More, the marks in the sentence mark sequence can be composed of numbers, letters, special characters and the like with mark functions, such as 1,2,3 … …, a, b, c … … and the like, different sentence characteristic values are automatically and orderly added to form the sentence mark sequence, the same sentence characteristic values are endowed with the same marks, the mapping relation between the sentence mark sequence and the sentence characteristic values is simply, effectively and accurately established, the sentence characteristic values represented by the sentence mark sequence can be rapidly and accurately determined through the sentence mark sequence, and the subsequent other data processing processes aiming at the sentence mark sequence are facilitated.

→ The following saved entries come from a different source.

(* Let $n\ge 3$ be an integer, $r\in\mathbb R$, and define $G_n(x;r)=\bigl((-1)^{n+1}\psi_2^{(n)}(x)\bigr)^r$ for $x>0$. Then: (1) $x\mapsto G_n(x;r)$ is strictly convex on $(0,\infty)$ for $r\in\left(-\infty,-\frac{1}{n-1}\right)\cup(0,\infty)$, and strictly concave on $(0,\infty)$ for $r\in\left(-\frac{1}{n+1},0\right)$. (2) For $r\in\left(-\infty,-\frac{1}{n-1}\right)$ and all $x,y>0$, $$\bigl((-1)^{n+1}\psi_2^{(n)}(x)\bigr)^r+\bigl((-1)^{n+1}\psi_2^{(n)}(y)\bigr)^r<\bigl((-1)^{n+1}\psi_2^{(n)}(x+y)\bigr)^r.$$ (3) For $r\in\left(-\frac{1}{n+1},0\right)$ and all $x,y>0$, $$\bigl((-1)^{n+1}\psi_2^{(n)}(x)\bigr)^r+\bigl((-1)^{n+1}\psi_2^{(n)}(y)\bigr)^r>\bigl((-1)^{n+1}\psi_2^{(n)}(x+y)\bigr)^r.$$
   Context: For an integer $n\ge 2$ and $x>0$, the poly-double gamma function is defined by $$\psi_2^{(n)}(x)=(-1)^{n+1}\,n!\sum_{k=0}^{\infty}\frac{1+k}{(x+k)^{n+1}} .$$ Note that $(-1)^{n+1}\psi_2^{(n)}(x)>0$ for $x>0$. *)

From Stdlib Require Import Reals.
From Coquelicot Require Import Coquelicot.
Open Scope R_scope.

Definition psi2 (n : nat) (x : R) : R :=
  (-1) ^ (n + 1) * INR (Factorial.fact n) *
  Series (fun k : nat => (1 + INR k) / (x + INR k) ^ (n + 1)).

Definition G (n : nat) (r x : R) : R :=
  Rpower ((-1) ^ (n + 1) * psi2 n x) r.

Definition strictly_convex_pos (f : R -> R) : Prop :=
  forall x y t, 0 < x -> 0 < y -> x <> y -> 0 < t < 1 ->
    f (t * x + (1 - t) * y) < t * f x + (1 - t) * f y.

Definition strictly_concave_pos (f : R -> R) : Prop :=
  forall x y t, 0 < x -> 0 < y -> x <> y -> 0 < t < 1 ->
    t * f x + (1 - t) * f y < f (t * x + (1 - t) * y).

From Stdlib Require Import Reals Lra Lia.
From Coquelicot Require Import Coquelicot.
Open Scope R_scope.

(* Write m = n + 1 and [T p x = sum_k (k + 1) / (x + k) ^ p], so that
   [(-1)^(n+1) psi2 n x = n! T m x] and [T p' = - p T (p + 1)]. Then
   [G n r = (n!)^r * Phi_b ^ (-r / b)] with [Phi_b = T m ^ (-b)], and [Phi_b] is increasing;
   its second derivative has the sign of [(b + 1) m T (m+1)^2 - (m + 1) T m T (m+2)].
   For [b = 1 / m] this is nonpositive by Cauchy-Schwarz, so [Phi_(1/m)] is concave.
   For [b = 1 / (m - 2)] it is nonnegative by the sharper inequality
   [(m - 2) (m + 1) T m T (m+2) <= (m - 1) m T (m+1)^2], proved from the Laplace
   representation [T (j+1) x = / j! * int_0^oo t^j e^(-x t) (1 - e^(-t))^(-2) dt] by
   integrating by parts against [nu t = 2 / t - 2 / (e^t - 1)], which is decreasing;
   so [Phi_(1/(m-2))] is convex. Composing with the powers [z ^ (-r / b)] gives the
   convexity and concavity claims. A positive convex (concave) function on (0, +oo)
   vanishing at [0+] (as [G n r] does for [r < 0]) lies below (above) its chords from
   the origin, hence is superadditive (subadditive). *)

(** * Convexity on (0, +oo) from derivatives *)

Definition convex_pos (f : R -> R) : Prop :=
  forall x y t, 0 < x -> 0 < y -> 0 < t < 1 ->
    f (t * x + (1 - t) * y) <= t * f x + (1 - t) * f y.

In the embodiment of the invention, the sentence identification sequence can be a natural number increment sequence, namely, the sentence identification sequence can be bound by starting from a natural number of '1', for example, the sentence identification sequence is (1), the sentence characteristic values obtained by subsequent extraction are different, then the natural number of '2' is given, the sentence identification sequence is updated to be (1/2), and then the sentence identification sequence is continuously formed by increasing the sentence identification sequence in an increment mode in the form of self-increasing sequence number, so that the sentence identification sequence of (1/2/3/4 … …) is obtained by updating.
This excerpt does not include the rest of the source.